# Task item
Write out each entry again. Keep every word exactly as it is.

[Recorded information]

Fixpoint subst (x : var) (v : value) (P : proc) : proc :=
  match P with
  | Inact => Inact
  | Out q bs =>
      Out q (map (fun b => match b with (l, e, P') => (l, subst_expr x v e, subst x v P') end) bs)
  | Inp p bs =>
      Inp p (map (fun b => match b with (l, y, Srt, P') =>
                   (l, y, Srt, if Nat.eqb x y then P' else subst x v P') end) bs)
  | Chk c P' => Chk c (subst x v P')
  end.

Record config := mkC { saved : list (cname * proc); active : proc }.

(** Multiparty sessions: parallel composition of participants p[[C]] *)
Definition session := list (part * config).

Definition upd (p : part) (C : config) (M : session) : session :=
  map (fun e => if Nat.eqb (fst e) p then (p, C) else e) M.

(** Actions (applications of reduction rules).  A communication records the
    communicated value [v] and the variable [x] of the input branch with its
    sort [Srt]. *)
Inductive act :=
| AComm (p q : part) (l : label) (v : value) (x : var) (Srt : sort)
| AChk (c : cname)
| ARoll (c : cname).

Inductive glabel :=
| LbComm (p q : part) (l : label)
| LbChk (c : cname)
| LbRoll (c : cname).

Definition label_of (a : act) : glabel :=
  match a with
  | AComm p q l _ _ _ => LbComm p q l
  | AChk c => LbChk c
  | ARoll c => LbRoll c
  end.

(** Type mismatch: no sort is derivable both for the value and for the variable
    associated to the label in the input process (whose sort is [Srt]). *)
Definition type_mismatch (v : value) (Srt : sort) : Prop :=
  ~ (exists Srt', val_has_sort v Srt' /\ Srt' = Srt).

Inductive sstep : session -> act -> session -> Prop :=
| ss_comm M p q sp sq bs cs l v P x Srt Q :
    p <> q ->
    In (p, mkC sp (Out q bs)) M ->
    In (q, mkC sq (Inp p cs)) M ->
    In (l, EVal v, P) bs ->
    In (l, x, Srt, Q) cs ->
    sstep M (AComm p q l v x Srt) (upd q (mkC sq (subst x v Q)) (upd p (mkC sp P) M))
| ss_chk M c M' :
    M <> [] ->
    Forall2 (fun e e' => fst e = fst e' /\
               exists P, active (snd e) = Chk c P /\
                         snd e' = mkC (saved (snd e) ++ [(c, P)]) P) M M' ->
    sstep M (AChk c) M'
| ss_roll M c M' :
    M <> [] ->
    Forall2 (fun e e' => fst e = fst e' /\
               exists s1 P s2, saved (snd e) = s1 ++ (c, P) :: s2 /\
                               ~ In c (map fst s2) /\
                               snd e' = mkC (s1 ++ [(c, P)]) P) M M' ->
    sstep M (ARoll c) M'.

Inductive network :=
| NSes (M : session)
| NPar (N1 N2 : network).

[/Recorded information]

# Answer to the problem
Fixpoint subst (x : var) (v : value) (P : proc) : proc :=
  match P with
  | Inact => Inact
  | Out q bs =>
      Out q (map (fun b => match b with (l, e, P') => (l, subst_expr x v e, subst x v P') end) bs)
  | Inp p bs =>
      Inp p (map (fun b => match b with (l, y, Srt, P') =>
                   (l, y, Srt, if Nat.eqb x y then P' else subst x v P') end) bs)
  | Chk c P' => Chk c (subst x v P')
  end.

Record config := mkC { saved : list (cname * proc); active : proc }.

(** Multiparty sessions: parallel composition of participants p[[C]] *)
Definition session := list (part * config).

Definition upd (p : part) (C : config) (M : session) : session :=
  map (fun e => if Nat.eqb (fst e) p then (p, C) else e) M.

(** Actions (applications of reduction rules).  A communication records the
    communicated value [v] and the variable [x] of the input branch with its
    sort [Srt]. *)
Inductive act :=
| AComm (p q : part) (l : label) (v : value) (x : var) (Srt : sort)
| AChk (c : cname)
| ARoll (c : cname).

Inductive glabel :=
| LbComm (p q : part) (l : label)
| LbChk (c : cname)
| LbRoll (c : cname).

Definition label_of (a : act) : glabel :=
  match a with
  | AComm p q l _ _ _ => LbComm p q l
  | AChk c => LbChk c
  | ARoll c => LbRoll c
  end.

(** Type mismatch: no sort is derivable both for the value and for the variable
    associated to the label in the input process (whose sort is [Srt]). *)
Definition type_mismatch (v : value) (Srt : sort) : Prop :=
  ~ (exists Srt', val_has_sort v Srt' /\ Srt' = Srt).

Inductive sstep : session -> act -> session -> Prop :=
| ss_comm M p q sp sq bs cs l v P x Srt Q :
    p <> q ->
    In (p, mkC sp (Out q bs)) M ->
    In (q, mkC sq (Inp p cs)) M ->
    In (l, EVal v, P) bs ->
    In (l, x, Srt, Q) cs ->
    sstep M (AComm p q l v x Srt) (upd q (mkC sq (subst x v Q)) (upd p (mkC sp P) M))
| ss_chk M c M' :
    M <> [] ->
    Forall2 (fun e e' => fst e = fst e' /\
               exists P, active (snd e) = Chk c P /\
                         snd e' = mkC (saved (snd e) ++ [(c, P)]) P) M M' ->
    sstep M (AChk c) M'
| ss_roll M c M' :
    M <> [] ->
    Forall2 (fun e e' => fst e = fst e' /\
               exists s1 P s2, saved (snd e) = s1 ++ (c, P) :: s2 /\
                               ~ In c (map fst s2) /\
                               snd e' = mkC (s1 ++ [(c, P)]) P) M M' ->
    sstep M (ARoll c) M'.

Inductive network :=
| NSes (M : session)
| NPar (N1 N2 : network).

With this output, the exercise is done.